Tuesday, April 14, 2009

Hellishly "Hot Returns"

For years, Refugees from the Sudan and other points in Africa have been trying to cross into Israel as refugees, mostly across the Egyptian border. Egyptian soldiers generally try to shoot anyone fleeing across the Egypt-Israeli border and arrest and detain those they capture. This eye-opening letter published in Ha'aretz explains the challenges these refugees face not only in Egypt, but also in Israel which, though it does not shoot at refugees, is not exactly stellar in its official treatment of them.

Of particular concern is a practice known as "hot returns." Basically, a "hot return" is when a person is caught trying to cross the border and is then immediately returned to the country from which they have just left. In effect, it means a person is not given full opportunity to demonstrate whether or not they deserve to be protected as a refugee and walks a very fine line between being able to protect sovereign borders and determine who can and cannot enter the country and violating the principle of non-refoulment which says that a person must never be returned to a country where they could face (amongst other things) death or torture.

Israeli civil rights and refugee rights groups have been actively advocating against the "hot return" policy. This has included (failed) injunctions before Israeli courts and letter writing campaigns to the President of Israel, specifically in response to the return of over 40 refugees to Egypt (some of whom were abused while in Egyptian custody) and protests. Israeli policy is to interview all "infiltrators" (as those who cross the border are called) within three hours of their crossing of the border during which time individuals may choose to declare themselves to be refugees (if they know to do this.) It's unclear exactly what these interviews consist of. In the judge's decision denying an injunction against "hot returns," the fact that, during their interviews, none of the people returned to Egypt claimed that they were refugees was grounds to deny their entry. An argument that, on the face of it, seems to deny these people the proper forums and procedures to demonstrate their status as refugees.

As the letter in Ha'aretz points out, and as elaborated on the author's blog, refugees who are lucky enough not to be returned to Israel have a hard time finding work and making a life for themselves. This being said, documentation (really interesting, by the way) by Human Rights groups in Israel show that some improvements have been made in the asylum process in Israel since 2002, but these changes fall short of sufficient. So long as those who make it to Israel alive face the possibility of being returned to Egypt, where they may face imprisonment or torture, or even be returned to the Sudan where they may face death, something has to change. So long as cases like this one, where documented asylum seekers in Israel were told they needed to wait for their hearings in jail, continue to occur, something needs to change.
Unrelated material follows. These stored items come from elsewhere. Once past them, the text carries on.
(* Let $(R,\mathfrak m,k)$ be a commutative noetherian local ring. Let $A$ and $L$ be $R$-modules such that $A$ is artinian and $\mathfrak m^n\Gamma_{\mathfrak m}(L)=0$ for some $n\geq 1$. Fix an index $t\geq 0$ such that $\mathfrak m^tA=\mathfrak m^{t+1}A$, and let $s$ be an integer with $s\geq\min(n,t)$. Then $\operatorname{len}_R(\operatorname{Hom}_R(A,L))\leq\beta^R_0(A)\,\operatorname{len}_R(0:_L\mathfrak m^s)$, with the convention $0\cdot\infty=0$.
   Context: $\Gamma_{\mathfrak m}(L)=\{x\in L: \mathfrak m^nx=0 \text{ for } n\gg0\}$; $\beta^R_0(A)=\operatorname{len}_R(k\otimes_RA)$; $(0:_L\mathfrak m^s)=\{x\in L:\mathfrak m^sx=0\}$. *)

From HB Require Import structures.
From mathcomp Require Import all_boot all_order all_algebra.
From mathcomp Require Import boolp classical_sets functions.
Set Implicit Arguments. Unset Strict Implicit. Unset Printing Implicit Defensive.
Import Order.TTheory GRing.Theory Num.Theory.
Local Open Scope ring_scope.

Section Defs.
Variable R : comNzRingType.

Definition is_ideal (I : R -> Prop) : Prop :=
  I 0 /\ (forall x y, I x -> I y -> I (x + y)) /\ (forall r x, I x -> I (r * x)).

Definition is_maximal_ideal (I : R -> Prop) : Prop :=
  is_ideal I /\ ~ I 1 /\
  forall J, is_ideal J -> (forall x, I x -> J x) -> ~ J 1 -> forall x, J x -> I x.

Definition is_local_with (m : R -> Prop) : Prop :=
  is_maximal_ideal m /\ forall J, is_maximal_ideal J -> forall x, J x <-> m x.

Definition noetherian_ring : Prop :=
  forall I : nat -> R -> Prop, (forall i, is_ideal (I i)) ->
  (forall i x, I i x -> I i.+1 x) ->
  exists k, forall i, (k <= i)%N -> forall x, I i x -> I k x.

Definition ideal_mul (I J : R -> Prop) : R -> Prop := fun r =>
  exists (p : nat) (a b : 'I_p -> R),
    (forall i, I (a i)) /\ (forall i, J (b i)) /\ r = \sum_(i < p) a i * b i.

Fixpoint ideal_pow (m : R -> Prop) (j : nat) : R -> Prop :=
  if j is j'.+1 then ideal_mul (ideal_pow m j') m else (fun _ => True).

Section Modules.
Variable V : lmodType R.

Definition is_submodule (N : V -> Prop) : Prop :=
  N 0 /\ (forall x y, N x -> N y -> N (x + y)) /\ (forall r x, N x -> N (r *: x)).

Definition ideal_smul (I : R -> Prop) (N : V -> Prop) : V -> Prop := fun v =>
  exists (p : nat) (a : 'I_p -> R) (x : 'I_p -> V),
    (forall i, I (a i)) /\ (forall i, N (x i)) /\ v = \sum_(i < p) a i *: x i.

Definition whole : V -> Prop := fun _ => True.
Definition zero_sub : V -> Prop := fun v => v = 0.

Definition artinian_module : Prop :=
  forall N : nat -> V -> Prop, (forall i, is_submodule (N i)) ->
  (forall i x, N i.+1 x -> N i x) ->
  exists k, forall i, (k <= i)%N -> forall x, N k x -> N i x.

Definition torsion_m (m : R -> Prop) : V -> Prop := fun x =>
  exists n, forall a, ideal_pow m n a -> a *: x = 0.

Definition annihilated_by (m : R -> Prop) (s : nat) : V -> Prop := fun x =>
  forall a, ideal_pow m s a -> a *: x = 0.

(* a strictly increasing chain of n+1 submodules, all lying between N and M;
   its existence means the R-module M/N has a composition-type chain of
   length n, so the length of M/N is the supremum of such n. *)
Definition chain_between (N M : V -> Prop) (n : nat) : Prop :=
  exists c : nat -> V -> Prop,
    (forall i, is_submodule (c i)) /\
    (forall i x, (i <= n)%N -> N x -> c i x) /\
    (forall i x, (i <= n)%N -> c i x -> M x) /\
    (forall i, (i < n)%N -> (forall x, c i x -> c i.+1 x) /\
                            exists x, c i.+1 x /\ ~ c i x).

Definition length_bounded_by (N M : V -> Prop) (b : nat) : Prop :=
  forall n, chain_between N M n -> (n <= b)%N.

(* length of the R-module M/N, in nat extended by None = infinity *)
Definition len_quot (N M : V -> Prop) : option nat :=
  match pselect (exists b, length_bounded_by N M b) with
  | left h =>
      Some (@ex_minn (fun b => `[< length_bounded_by N M b >])
              (let: ex_intro b hb := h in ex_intro _ b (asboolT hb)))
  | right _ => None
  end.

Definition len_sub (M : V -> Prop) : option nat := len_quot zero_sub M.
End Modules.

(* Hom_R(A, L), as the submodule of R-linear maps in the R-module A -> L *)
Definition Hom_sub (A L : lmodType R) : (A -> L) -> Prop := fun f =>
  forall (r : R) (x y : A), f (r *: x + y) = r *: f x + f y.

End Defs.

(* extended naturals: None = infinity, with 0 * infinity = 0 *)
Definition emul (a b : option nat) : option nat :=
  match a, b with
  | Some 0, _ | _, Some 0 => Some 0
  | Some x, Some y => Some (x * y)%N
  | _, _ => None
  end.

Definition ele (a b : option nat) : Prop :=
  match a, b with
  | _, None => True
  | None, Some _ => False
  | Some x, Some y => (x <= y)%N
  end.

From HB Require Import structures.
From mathcomp Require Import all_boot all_order all_algebra.
From mathcomp Require Import boolp classical_sets functions.
Set Implicit Arguments. Unset Strict Implicit. Unset Printing Implicit Defensive.
Import GRing.Theory.
Local Open Scope ring_scope.
Local Open Scope classical_set_scope.

(* Over a noetherian local ring every element [x] of an artinian module is
   killed by a power of [m]: the chain [m^j x] becomes stationary at some
   [m^k x], which is finitely generated and equal to [m (m^k x)], hence zero by
   Nakayama.  So a homomorphism [f : A -> L] lands in [Gamma_m(L)] and kills
   [m^n A]; since [m^t A = m^(t+j) A] for all [j], it also kills [m^s A], i.e.
   takes values in [(0 :_L m^s)].  Pick [y_1, ..., y_b], [b = len (A / mA)],
   generating [A] modulo [mA] (greedily, along a strictly increasing chain
   [mA < mA + R y_1 < ...]).  A homomorphism vanishing at every [y_i] has an
   image [I] with [I = m I = m^n I = 0], so [f |-> (f y_i)_i] embeds
   [Hom(A, L)] into [(0 :_L m^s)^b], and length is subadditive along kernels
   and images. *)

Definition finsum_span {X Y : Type} {V : zmodType} (op : X -> Y -> V)
  (P : X -> Prop) (Q : Y -> Prop) : V -> Prop := fun v =>
  exists p (a : 'I_p -> X) (x : 'I_p -> Y),
    (forall i, P (a i)) /\ (forall i, Q (x i)) /\ v = \sum_(i < p) op (a i) (x i).

Section FinsumSpan.
Variables (X Y : Type) (V : zmodType) (op : X -> Y -> V).
Variables (P : X -> Prop) (Q : Y -> Prop).

Lemma finsum_span_ind (S : V -> Prop) : S 0 -> (forall u w, S u -> S w -> S (u + w)) ->
  (forall a x, P a -> Q x -> S (op a x)) -> forall v, finsum_span op P Q v -> S v.
Proof.
move=> S0 SD Sop v [p [a [x [Pa [Qx ->]]]]].
elim: p a x Pa Qx => [|p IHp] a x Pa Qx; first by rewrite big_ord0.
rewrite big_ord_recr /=; apply: SD; last exact: Sop.
exact: (IHp (fun i => a (widen_ord (leqnSn p) i)) (fun i => x (widen_ord (leqnSn p) i))).
Qed.

Lemma finsum_span0 : finsum_span op P Q 0.
Proof.
exists 0%N, (fun i : 'I_0 => False_rect _ (notF (ltn_ord i))),
  (fun i : 'I_0 => False_rect _ (notF (ltn_ord i))).
by split; [case|split; [case|rewrite big_ord0]].
Qed.

Lemma finsum_span1 a x : P a -> Q x -> finsum_span op P Q (op a x).
Proof.
by move=> Pa Qx; exists 1%N, (fun _ => a), (fun _ => x); rewrite big_ord1.
Qed.

Lemma finsum_spanD u w :
  finsum_span op P Q u -> finsum_span op P Q w -> finsum_span op P Q (u + w).
Proof.
move=> [p [a [x [Pa [Qx ->]]]]] [q [b [y [Pb [Qy ->]]]]].
pose glue T (f : 'I_p -> T) (g : 'I_q -> T) i :=
  match fintype.split i with inl j => f j | inr j => g j end.
exists (p + q)%N, (glue _ a b), (glue _ x y).
split; first by move=> i; rewrite /glue; case: (fintype.split i).
split; first by move=> i; rewrite /glue; case: (fintype.split i).
rewrite big_split_ord /=; congr (_ + _); apply: eq_bigr => i _.
  by rewrite /glue (unsplitK (inl _ i)).
by rewrite /glue (unsplitK (inr _ i)).
Qed.

End FinsumSpan.

Section Ideals.
Variable R : comNzRingType.
Implicit Types (I m : R -> Prop).

Lemma ideal_pow_ideal m k : is_ideal m -> is_ideal (ideal_pow m k).
Proof.
move=> idm; elim: k => [|k [_ [_ powkM]]] //=.
split; first exact: finsum_span0.
split; first by move=> x y; apply: finsum_spanD.
move=> r; apply: finsum_span_ind.
- by rewrite mulr0; apply: finsum_span0.
- by move=> u w Hu Hw; rewrite mulrDr; apply: finsum_spanD.
- by move=> a b Ha Hb; rewrite mulrA; apply: finsum_span1 => //; apply: powkM.
Qed.

Lemma ideal_pow_antitone m k l : is_ideal m -> (k <= l)%N ->
  ideal_pow m l `<=` ideal_pow m k.
Proof.
move=> idm; elim: l => [|l IHl]; first by rewrite leqn0 => /eqP->.
rewrite leq_eqVlt => /orP[/eqP-> //|/IHl sub_l]; apply: subset_trans sub_l.
have [powl0 [powlD powlM]] := ideal_pow_ideal l idm.
by apply: finsum_span_ind => // a b powl_a _; rewrite mulrC; apply: powlM.
Qed.

Lemma ideal_sum I r (F : nat -> R) : is_ideal I -> (forall i, I (F i)) ->
  I (\sum_(i < r) F i).
Proof.
move=> [I0 [ID _]] IF; elim: r => [|r IHr]; first by rewrite big_ord0.
by rewrite big_ord_recr /=; apply: ID.
Qed.

Section Submodules.
Variable V : lmodType R.
Implicit Types (N W : V -> Prop).

Lemma submoduleN W x : is_submodule W -> W x -> W (- x).
Proof. by move=> [_ [_ WZ]] Wx; rewrite -scaleN1r; apply: WZ. Qed.

Lemma ideal_smul_submodule I N : is_ideal I -> is_submodule (ideal_smul I N).
Proof.
move=> [_ [_ IM]]; split; first exact: finsum_span0.
split; first by move=> x y; apply: finsum_spanD.
move=> r; apply: finsum_span_ind.
- by rewrite scaler0; apply: finsum_span0.
- by move=> u w Hu Hw; rewrite scalerDr; apply: finsum_spanD.
- by move=> a x Ia Nx; rewrite scalerA; apply: finsum_span1 => //; apply: IM.
Qed.

Lemma ideal_smul_least I N W : is_submodule W ->
  (forall a x, I a -> N x -> W (a *: x)) -> ideal_smul I N `<=` W.
Proof. by move=> [W0 [WD _]] IN_W; apply: finsum_span_ind. Qed.

Lemma ideal_smul_monol I I' N : I `<=` I' -> ideal_smul I N `<=` ideal_smul I' N.
Proof.
by move=> II' v [p [a [x [Ia [Nx ->]]]]]; exists p, a, x; split=> [i|//]; apply: II'.
Qed.

Lemma ideal_smul_monor I N N' : N `<=` N' -> ideal_smul I N `<=` ideal_smul I N'.
Proof.
by move=> NN' v [p [a [x [Ia [Nx ->]]]]]; exists p, a, x; do 2!split=> //; move=> i; apply: NN'.
Qed.

Lemma ideal_smul_powS m k N : is_ideal m ->
  ideal_smul (ideal_pow m k.+1) N = ideal_smul m (ideal_smul (ideal_pow m k) N).
Proof.
move=> idm; have idmk := ideal_pow_ideal k idm.
apply/seteqP; split; apply: ideal_smul_least.
- exact: ideal_smul_submodule.
- move=> a x powk1_a Nx; have [_ [SD _]] := ideal_smul_submodule (ideal_smul (ideal_pow m k) N) idm.
  move: a powk1_a; apply: finsum_span_ind; first by rewrite scale0r; apply: finsum_span0.
    by move=> u w Hu Hw; rewrite scalerDl; apply: SD.
  by move=> c b powk_c mb; rewrite mulrC -scalerA; apply: finsum_span1 => //; exact: finsum_span1.
- exact/ideal_smul_submodule/ideal_pow_ideal.
- move=> b w mb; have [_ [SD _]] := ideal_smul_submodule N (ideal_pow_ideal k.+1 idm).
  move: w; apply: finsum_span_ind; first by rewrite scaler0; apply: finsum_span0.
    by move=> u w Hu Hw; rewrite scalerDr; apply: SD.
  by move=> a x powk_a Nx; rewrite scalerA mulrC; apply: finsum_span1 => //; exact: finsum_span1.
Qed.

Lemma ideal_smul_pow_fix m N j :
  is_ideal m -> N `<=` ideal_smul m N -> N `<=` ideal_smul (ideal_pow m j) N.
Proof.
move=> idm N_mN; elim: j => [|j IHj] v Nv; first by rewrite -[v]scale1r; apply: finsum_span1.
by rewrite ideal_smul_powS //; apply: ideal_smul_monor IHj _ (N_mN v Nv).
Qed.

Lemma zero_submodule : is_submodule (@zero_sub R V).
Proof.
split=> //; split; first by move=> x y -> ->; rewrite addr0.
by move=> r x ->; rewrite scaler0.
Qed.

Lemma annihilated_by_submodule m s : is_submodule (annihilated_by m s : V -> Prop).
Proof.
split; first by move=> a _; rewrite scaler0.
split; first by move=> x y ann_x ann_y a powa; rewrite scalerDr ann_x ?ann_y ?addr0.
by move=> r x ann_x a powa; rewrite scalerA mulrC -scalerA ann_x // scaler0.
Qed.

End Submodules.

Section Homomorphisms.
Variables (V W : lmodType R) (f : V -> W).
Hypothesis f_hom : Hom_sub f.

Lemma hom0 : f 0 = 0.
Proof.
have := f_hom 1 0 0; rewrite scaler0 addr0 scale1r => /(congr1 (fun z => z - f 0)).
by rewrite addrK subrr.
Qed.

Lemma homD x y : f (x + y) = f x + f y.
Proof. by have := f_hom 1 x y; rewrite !scale1r. Qed.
There are refugees from Darfur who live in Israel, who are learning English and Hebrew, and who intend to build lives for themselves in Israel. There are also over 7,000 asylum seekers who do successful cross into Israel. This does not, however, excuse turning back, at the border, those who may face untold dangers to life and limb without due process. Travelling in Israel it was encouraging to meet teachers of some of these refugees from Darfur and to see that something, officially or unofficially, was being done to help them. Reading the accounts from refugees and human rights activists about the hardships faced and this difficult to justify and illegal "hot return" policy, however, was eye-opening and unsettling.

The situation is far more complex than this short post indicates. It touches on questions of international law and human rights which alone could be the subject of a volume. What should be taken away is that Israel is in a position to assist hundreds if not thousands of people fleeing war and genocide and does not seem to be doing all it can. Those who make it into the country face obstacles above and beyond what an ordinary immigrant may face, those stopped at the border face a violation of their rights. Anyone interested in this matter should take the time to look through the links in this post. There is a great deal of interesting information available on the subject.